**WORK INSTRUCTIONS**
Every line in the records below that holds "isSemilinear" must be identified and copied.

(Stored entries)

*** Block opens ***

(* Let $p$ be an odd prime, $n$ a positive integer with $\gcd(n,p)=1$, and let $S$ be a uniquely negacyclic subspace of $\mathbb{F}_p^n\times\mathbb{F}_p^n$ with generating pair $(g,f)$. Then $S$ is totally isotropic if and only if $$g(X)f(X^{-1})=f(X)g(X^{-1})\mod X^n+1.$$ Further, an element $(\mathbf{a},\mathbf{b})\in\mathbb{F}_p^n\times\mathbb{F}_p^n$ lies in $S^{\perp}$ if and only if $$a(X)f(X^{-1})=b(X)g(X^{-1})\mod X^n+1.$$
   Context: Let $N:\mathbb{F}_p^n\to\mathbb{F}_p^n$ be $(u_0,\dots,u_{n-1})\mapsto(-u_{n-1},u_0,\dots,u_{n-2})$; a subspace $S$ is simultaneously negacyclic if $(\mathbf{a},\mathbf{b})\in S$ implies $(N\mathbf{a},N\mathbf{b})\in S$. Let $\mathcal{R}=\mathbb{F}_p[X]/\langle X^n+1\rangle$, with vectors $(a_0,\dots,a_{n-1})$ identified with $a(X)=\sum a_iX^i\in\mathcal{R}$; in $\mathcal{R}$, $X^{-1}=-X^{n-1}$ and $a(X^{-1})$ denotes substitution. For a simultaneously negacyclic $S$, let $F=\{\mathbf{a}:(\mathbf{a},\mathbf{b})\in S\}$ (an ideal of $\mathcal{R}$) and $g$ its monic generator dividing $X^n+1$; $S$ is uniquely negacyclic if there is a unique $f\in\mathcal{R}$ with $(g,f)\in S$, and $(g,f)$ is its generating pair. The symplectic inner product is $\langle(\mathbf{a},\mathbf{b}),(\mathbf{c},\mathbf{d})\rangle_s=\mathbf{a}^T\mathbf{d}-\mathbf{b}^T\mathbf{c}$; $S$ is totally isotropic if it vanishes on $S\times S$; $S^\perp$ is the symplectic dual of $S$. *)

From HB Require Import structures.
From mathcomp Require Import all_boot all_order all_algebra.
Set Implicit Arguments. Unset Strict Implicit. Unset Printing Implicit Defensive.
Import Order.TTheory GRing.Theory Num.Theory.
Local Open Scope ring_scope.

Section Negacyclic.
Variables (F : fieldType) (n : nat).

(* negacyclic shift N(u_0,...,u_{n-1}) = (-u_{n-1}, u_0, ..., u_{n-2});
   ord_pred i is i-1 for i>0 and n-1 for i=0 *)
Definition negshift (u : 'rV[F]_n) : 'rV[F]_n :=
  \row_(i < n) (if val i == 0%N then - u 0 (ord_pred i) else u 0 (ord_pred i)).

Definition negmod : {poly F} := 'X^n + 1.

Definition polyv (u : 'rV[F]_n) : {poly F} := \sum_(i < n) u 0 i *: 'X^i.

Definition vecp (q : {poly F}) : 'rV[F]_n := \row_(i < n) (q %% negmod)`_i.

(* X^{-1} = -X^{n-1} in R; a(X^{-1}) is substitution (then reduce mod X^n+1) *)
Definition Xinv : {poly F} := - 'X^(n.-1).
Definition subst_inv (q : {poly F}) : {poly F} := q \Po Xinv.

Definition is_subspace (S : 'rV[F]_n * 'rV[F]_n -> Prop) : Prop :=
  [/\ S (0, 0),
      forall x y, S x -> S y -> S (x.1 + y.1, x.2 + y.2)
    & forall (c : F) x, S x -> S (c *: x.1, c *: x.2)].

Definition simult_negacyclic (S : 'rV[F]_n * 'rV[F]_n -> Prop) : Prop :=
  forall a b, S (a, b) -> S (negshift a, negshift b).

Definition first_proj (S : 'rV[F]_n * 'rV[F]_n -> Prop) : 'rV[F]_n -> Prop :=
  fun a => exists b, S (a, b).

Definition monic_generator (S : 'rV[F]_n * 'rV[F]_n -> Prop) (g : {poly F}) : Prop :=
  [/\ g \is monic, g %| negmod &
      forall a, first_proj S a <-> exists h : {poly F}, a = vecp (g * h)].

(* S (simultaneously negacyclic subspace) is uniquely negacyclic with
   generating pair (g, f) *)
Definition generating_pair (S : 'rV[F]_n * 'rV[F]_n -> Prop) (g : {poly F})
    (f : 'rV[F]_n) : Prop :=
  [/\ monic_generator S g, S (vecp g, f) &
      forall f', S (vecp g, f') -> f' = f].

Definition dotv (u v : 'rV[F]_n) : F := \sum_(i < n) u 0 i * v 0 i.

Definition sympl (x y : 'rV[F]_n * 'rV[F]_n) : F := dotv x.1 y.2 - dotv x.2 y.1.

Definition totally_isotropic (S : 'rV[F]_n * 'rV[F]_n -> Prop) : Prop :=
  forall x y, S x -> S y -> sympl x y = 0.

Definition sympl_dual (S : 'rV[F]_n * 'rV[F]_n -> Prop) : 'rV[F]_n * 'rV[F]_n -> Prop :=
  fun x => forall y, S y -> sympl x y = 0.

End Negacyclic.

From HB Require Import structures.
From mathcomp Require Import all_boot all_order all_algebra.
From mathcomp Require Import zify.
Set Implicit Arguments.
Unset Strict Implicit.
Unset Printing Implicit Defensive.
Import GRing.Theory.
Local Open Scope ring_scope.

(* Work in R = F[X]/(X^n+1), where N is multiplication by X.  The dot product
   u.v is the constant term of u(X) v(X^-1) in R, and it is nondegenerate.
   The first components of S are the multiples of g and f is unique, so
   S = {(g h, f h) | h in R}, and <(a, b), (g h, f h)>_s is the constant term
   of (a(X) f(X^-1) - b(X) g(X^-1)) h(X^-1).  As h(X^-1) runs over all of R,
   this vanishes for every h exactly when a(X) f(X^-1) = b(X) g(X^-1) in R.
   Total isotropy is this criterion applied to the elements (g h, f h). *)

Section NegacyclicRing.
Variables (F : fieldType) (n : nat).
(* For n = 0 the modulus X^0 + 1 = 2 vanishes in characteristic 2. *)
Hypothesis n_gt0 : (0 < n)%N.
Local Notation m := (negmod F n).
Local Notation vecp := (@vecp F n).
Local Notation Xinv := (Xinv F n).
Local Notation subst_inv := (@subst_inv F n).

Lemma size_negmod : size m = n.+1.
Proof. by rewrite /negmod -polyC1 size_XnaddC. Qed.

Lemma coef_negmod k : m`_k = (k == n)%:R + (k == 0)%:R.
Proof. by rewrite coefD coefXn coef1. Qed.

Lemma size_modp_negmod q : (size (q %% m)%R <= n)%N.
Proof. by rewrite -ltnS -size_negmod ltn_modp -size_poly_gt0 size_negmod. Qed.

Lemma size_polyv (u : 'rV[F]_n) : (size (polyv u) <= n)%N.
Proof.
apply: leq_trans (size_sum _ _ _) _; apply/bigmax_leqP => i _.
by apply: leq_trans (size_scale_leq _ _) _; rewrite size_polyXn.
Qed.

Lemma coef_polyv (u : 'rV[F]_n) (i : 'I_n) : (polyv u)`_i = u 0 i.
Proof.
rewrite coef_sum (bigD1 i) //= coefZ coefXn eqxx mulr1 big1 ?addr0 // => j ji.
by rewrite coefZ coefXn eq_sym (inj_eq val_inj) (negbTE ji) mulr0.
Qed.

Lemma vecp_polyv u : vecp (polyv u) = u.
Proof.
apply/rowP => i; rewrite mxE modp_small ?coef_polyv //.
by rewrite size_negmod ltnS size_polyv.
Qed.

Lemma polyv_vecp q : polyv (vecp q) = q %% m.
Proof.
apply/polyP => k; case: (ltnP k n) => [kn | nk].
  by rewrite (coef_polyv _ (Ordinal kn)) mxE.
by rewrite !nth_default // (leq_trans _ nk) ?size_polyv ?size_modp_negmod.
Qed.

Lemma eq_vecp q r : vecp q = vecp r <-> q %% m = r %% m.
Proof.
split=> [eqv | eqm]; first by rewrite -!polyv_vecp eqv.
by apply/rowP => i; rewrite !mxE eqm.
Qed.

Fact vecp_is_semilinear : semilinear vecp.
Proof.
split=> [c q | q r]; apply/rowP => i; rewrite !mxE.
  by rewrite modpZl coefZ.
by rewrite modpD coefD.
Qed.
HB.instance Definition _ :=
  GRing.isSemilinear.Build F {poly F} 'rV[F]_n _ vecp vecp_is_semilinear.

Lemma modp_sub_eq0 a b : (a - b) %% m = 0 -> a %% m = b %% m.
Proof. by rewrite modpD modpN => /subr0_eq. Qed.

Lemma modp_XnD k : 'X^(n + k) %% m = (- 'X^k) %% m.
Proof.
apply: modp_sub_eq0; rewrite opprK exprD.
by rewrite -[X in _ + X]mul1r -mulrDl mulrC modp_mull.
Qed.

(* The top coefficient c of u(X) wraps around: X u(X) = X u(X) - c (X^n + 1)
   modulo X^n + 1, and the right-hand side has degree < n. *)
Lemma negshiftE (u : 'rV[F]_n) : negshift u = vecp ('X * polyv u).
Proof.
set P := polyv u; set c := P`_n.-1.
have XPmod : ('X * P) %% m = 'X * P - c *: m.
  rewrite -[in LHS](subrK (c *: m) ('X * P)) addrC -mul_polyC.
  rewrite modp_addl_mul_small // mul_polyC size_negmod ltnS.
  apply/leq_sizeP => k nk; rewrite coefB coefZ coef_negmod coefXM.
  rewrite (_ : (k == 0)%N = false) ?addr0; last by move: nk n_gt0; lia.
  case: eqP => [-> | /eqP kn]; first by rewrite mulr1 subrr.
  rewrite mulr0 subr0 nth_default // (leq_trans (size_polyv u)) //.
  by move: nk kn n_gt0; lia.
apply/rowP => i; rewrite !mxE XPmod coefB coefZ coef_negmod coefXM.
rewrite (_ : (i == n :> nat) = false) ?add0r; last by rewrite ltn_eqF.
have ord_predE : nat_of_ord (ord_pred i) = if i == 0 :> nat then n.-1 else i.-1.
  case: i => [[|k] lt_k] /=; first by rewrite add0n modn_small ?prednK.
  by rewrite modnDr modn_small // ltnW.
rewrite -coef_polyv ord_predE; case: (nat_of_ord i == 0)%N.
  by rewrite mulr1 sub0r.
by rewrite mulr0 subr0.
Qed.

Lemma negshift_vecp q : negshift (vecp q) = vecp ('X * q).
Proof. by rewrite negshiftE; apply/eq_vecp; rewrite polyv_vecp modp_mul. Qed.

(* The base case is 1 = -X^n modulo X^n + 1. *)
Lemma modp_Xinv_exp j : (j <= n)%N -> Xinv ^+ j %% m = (- 'X^(n - j)) %% m.
Proof.
elim: j => [_ | j IH ltjn].
  by rewrite expr0 subn0; apply: modp_sub_eq0; rewrite opprK addrC modpp.
rewrite exprS -modp_mul IH ?(ltnW ltjn) // modp_mul /Xinv mulrNN -exprD.
by rewrite (_ : (n.-1 + (n - j) = n + (n - j.+1))%N) ?modp_XnD //; lia.
Qed.

Lemma modp_subst_inv_negmod : subst_inv m %% m = 0.
Proof.
rewrite /subst_inv /negmod comp_polyD comp_Xn_poly -polyC1 comp_polyC modpD.
by rewrite modp_Xinv_exp // subnn expr0 -modpD addNr mod0p.
Qed.

Lemma modp_subst_inv q : subst_inv (q %% m) %% m = subst_inv q %% m.
Proof.
rewrite [in RHS](divp_eq q m) /subst_inv comp_polyD comp_polyM modpD.
by rewrite -modp_mul modp_subst_inv_negmod mulr0 mod0p add0r.
Qed.

Definition cterm (q : {poly F}) : F := (q %% m)`_0.

Fact cterm_is_semiscalar : semiscalar cterm.
Proof.
by split=> [c q | q r]; rewrite /cterm (modpZl, modpD) (coefZ, coefD).
Qed.
HB.instance Definition _ :=
  GRing.isSemilinear.Build F {poly F} F _ cterm cterm_is_semiscalar.

Lemma cterm_modl a b : cterm ((a %% m) * b) = cterm (a * b).
Proof. by rewrite /cterm mulrC modp_mul mulrC. Qed.

Lemma cterm_modr a b : cterm (a * (b %% m)) = cterm (a * b).
Proof. by rewrite /cterm modp_mul. Qed.

Lemma cterm_Xn k : (k < n + n)%N -> cterm 'X^k = (k == 0)%N%:R - (k == n)%:R.
Proof.
move=> k_lt; case: (ltnP k n) => [kn | nk].
  rewrite /cterm modp_small ?size_negmod ?size_polyXn //.
  by rewrite coefXn eq_sym (ltn_eqF kn) subr0.
rewrite -(subnKC nk) /cterm modp_XnD modp_small; last first.
  by rewrite size_negmod size_polyN size_polyXn; lia.
rewrite coefN coefXn (_ : (n + (k - n) == 0)%N = false); last by lia.
by rewrite (_ : (n + (k - n) == n)%N = (0 == k - n)%N) ?sub0r //; lia.
Qed.

Lemma cterm_Xn_Xinv (i j : 'I_n) : cterm ('X^i * Xinv ^+ j) = (i == j)%:R.
Proof.
rewrite -cterm_modr modp_Xinv_exp 1?ltnW // cterm_modr mulrN -exprD raddfN /=.
rewrite cterm_Xn; last by move: (ltn_ord i) (ltn_ord j); lia.
rewrite (_ : (i + (n - j) == 0)%N = false); last by move: (ltn_ord j); lia.
rewrite (_ : (i + (n - j) == n)%N = (i == j)) ?sub0r ?opprK //.
by move: (ltn_ord i) (ltn_ord j); rewrite -(inj_eq val_inj) /=; lia.
Qed.

Lemma cterm_mul_subst_inv_modp a q :
  cterm (a * subst_inv (q %% m)) = cterm (a * subst_inv q).
Proof. by rewrite -cterm_modr modp_subst_inv cterm_modr. Qed.

Lemma dotvE (u v : 'rV[F]_n) : dotv u v = cterm (polyv u * subst_inv (polyv v)).
Proof.
have -> : subst_inv (polyv v) = \sum_(j < n) v 0 j *: Xinv ^+ j.
  rewrite /subst_inv /polyv raddf_sum; apply: eq_bigr => j _ /=.
  by rewrite comp_polyZ comp_Xn_poly.
rewrite {1}/polyv mulr_suml linear_sum; apply: eq_bigr => i _.
rewrite mulr_sumr linear_sum (bigD1 i) //= big1 ?addr0 => [|j ji].
  by rewrite -scalerAr -scalerAl !linearZ /= cterm_Xn_Xinv eqxx mulr1 mulrC.
rewrite -scalerAr -scalerAl !linearZ /= cterm_Xn_Xinv.
by rewrite eq_sym (negbTE ji) !mulr0.
Qed.

Lemma dotv_nondeg (u : 'rV[F]_n) : (forall v, dotv u v = 0) -> u = 0.
Proof.
move=> u_perp; apply/rowP => i; rewrite mxE -(u_perp (\row_k (k == i)%:R)).
rewrite /dotv (bigD1 i) //= big1 ?addr0 => [|j /negbTE ji].
  by rewrite mxE eqxx mulr1.
by rewrite mxE ji mulr0.
Qed.

Lemma cterm_mul_subst_inv_eq0 r :
  (forall h, cterm (r * subst_inv h) = 0) <-> r %% m = 0.
Proof.
split=> [r_perp | r0 h]; last by rewrite -cterm_modl r0 mul0r linear0.
have : vecp r = vecp 0.
  rewrite linear0; apply: dotv_nondeg => v.
  by rewrite dotvE polyv_vecp cterm_modl.
by move/eq_vecp; rewrite mod0p.
Qed.

End NegacyclicRing.

Section UniquelyNegacyclic.
Variables (F : fieldType) (n : nat) (S : 'rV[F]_n * 'rV[F]_n -> Prop).
Variables (g : {poly F}) (f : 'rV[F]_n).
Hypotheses (n_gt0 : (0 < n)%N) (S_subspace : is_subspace S).
Hypotheses (S_negacyclic : simult_negacyclic S) (S_gen : generating_pair S g f).
Local Notation m := (negmod F n).
Local Notation vecp := (@vecp F n).
Local Notation subst_inv := (@subst_inv F n).

Lemma subspaceB x y : S x -> S y -> S (x.1 - y.1, x.2 - y.2).
Proof.
have [_ SD SZ] := S_subspace => Sx Sy.
by have := SD _ _ Sx (SZ (-1) _ Sy); rewrite /= !scaleN1r.
Qed.

Lemma generating_pair_mul h : S (vecp (g * h), vecp (polyv f * h)).
Proof.
have [S0 SD SZ] := S_subspace; have [_ Sgf _] := S_gen.
elim/poly_ind: h => [|h c IH]; first by rewrite !mulr0 linear0.
have mul_XaddC q : q * (h * 'X + c%:P) = 'X * (q * h) + c *: q.
  by rewrite mulrDr mulrA [_ * 'X]mulrC (mulrC q c%:P) mul_polyC.
rewrite !mul_XaddC !linearD !linearZ /= -!(negshift_vecp n_gt0).
by have := SD _ _ (S_negacyclic IH) (SZ c _ Sgf); rewrite /= vecp_polyv.
Qed.

Lemma mem_generating_pair x :
  S x <-> exists h, x = (vecp (g * h), vecp (polyv f * h)).
Proof.
split=> [Sx | [h ->]]; last exact: generating_pair_mul.
have [[_ _ first_projP] Sgf f_uniq] := S_gen.
case: x Sx => a b Sab.
have [h a_eq] : exists h, a = vecp (g * h) by apply/first_projP; exists b.
exists h; rewrite a_eq; congr (_, _).
have S0b : S (0, b - vecp (polyv f * h)).
  by have := subspaceB Sab (generating_pair_mul h); rewrite /= a_eq subrr.
have /= := subspaceB Sgf S0b; rewrite subr0 => /f_uniq; rewrite -[RHS]subr0.
by move=> /addrI /oppr_inj /subr0_eq.
Qed.

Lemma sympl_generating_pair a b h :
  sympl (a, b) (vecp (g * h), vecp (polyv f * h)) =
  cterm n
    ((polyv a * subst_inv (polyv f) - polyv b * subst_inv g) * subst_inv h).
Proof.
rewrite /sympl /= 2!(dotvE n_gt0) !(polyv_vecp n_gt0).
rewrite !(@cterm_mul_subst_inv_modp F n n_gt0).
by rewrite /subst_inv !comp_polyM mulrBl linearB !mulrA.
Qed.

Lemma sympl_dualP a b : sympl_dual S (a, b) <->
  (polyv a * subst_inv (polyv f)) %% m = (polyv b * subst_inv g) %% m.
Proof.
split=> [ab_perp | eqab y /mem_generating_pair [h ->]].
  apply/modp_sub_eq0/(cterm_mul_subst_inv_eq0 n_gt0) => h.
  by rewrite -sympl_generating_pair; apply/ab_perp/generating_pair_mul.
rewrite sympl_generating_pair; move: h; apply/(cterm_mul_subst_inv_eq0 n_gt0).
by rewrite modpD modpN eqab subrr.
Qed.

Lemma totally_isotropicP : totally_isotropic S <->
  (g * subst_inv (polyv f)) %% m = (polyv f * subst_inv g) %% m.
Proof.
have dual_mul h : sympl_dual S (vecp (g * h), vecp (polyv f * h)) <->
    ((g * subst_inv (polyv f)) * h) %% m = ((polyv f * subst_inv g) * h) %% m.
  rewrite sympl_dualP !(polyv_vecp n_gt0) ![(_ %% m) * _]mulrC !modp_mul.
  by rewrite ![subst_inv _ * _]mulrC ![_ * h * _]mulrAC.
split=> [S_iso | eqgf x y /mem_generating_pair [h ->] Sy].
  have := (dual_mul 1).1; rewrite !mulr1; apply=> y; apply: S_iso.
  by have := generating_pair_mul 1; rewrite !mulr1.
by apply: (dual_mul h).2 Sy; rewrite !(mulrC _ h) -[LHS]modp_mul eqgf modp_mul.
Qed.

End UniquelyNegacyclic.

Theorem mainTheorem5 (p n : nat) (S : 'rV['F_p]_n * 'rV['F_p]_n -> Prop)
    (g : {poly 'F_p}) (f : 'rV['F_p]_n) :
  prime p -> odd p -> (0 < n)%N -> coprime n p ->
  is_subspace S -> simult_negacyclic S -> generating_pair S g f ->
  (totally_isotropic S <->
     (g * subst_inv n (polyv f)) %% negmod _ n
       = (polyv f * subst_inv n g) %% negmod _ n)
  /\
  (forall a b : 'rV['F_p]_n,
     sympl_dual S (a, b) <->
     (polyv a * subst_inv n (polyv f)) %% negmod _ n
       = (polyv b * subst_inv n g) %% negmod _ n).
Proof.
move=> _ _ n_gt0 _ S_subspace S_negacyclic S_gen; split.
  exact: totally_isotropicP.
by move=> a b; apply: sympl_dualP.
Qed.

*** Block closes ***

**RESPONSE AREA**
  GRing.isSemilinear.Build F {poly F} 'rV[F]_n _ vecp vecp_is_semilinear.
  GRing.isSemilinear.Build F {poly F} F _ cterm cterm_is_semiscalar.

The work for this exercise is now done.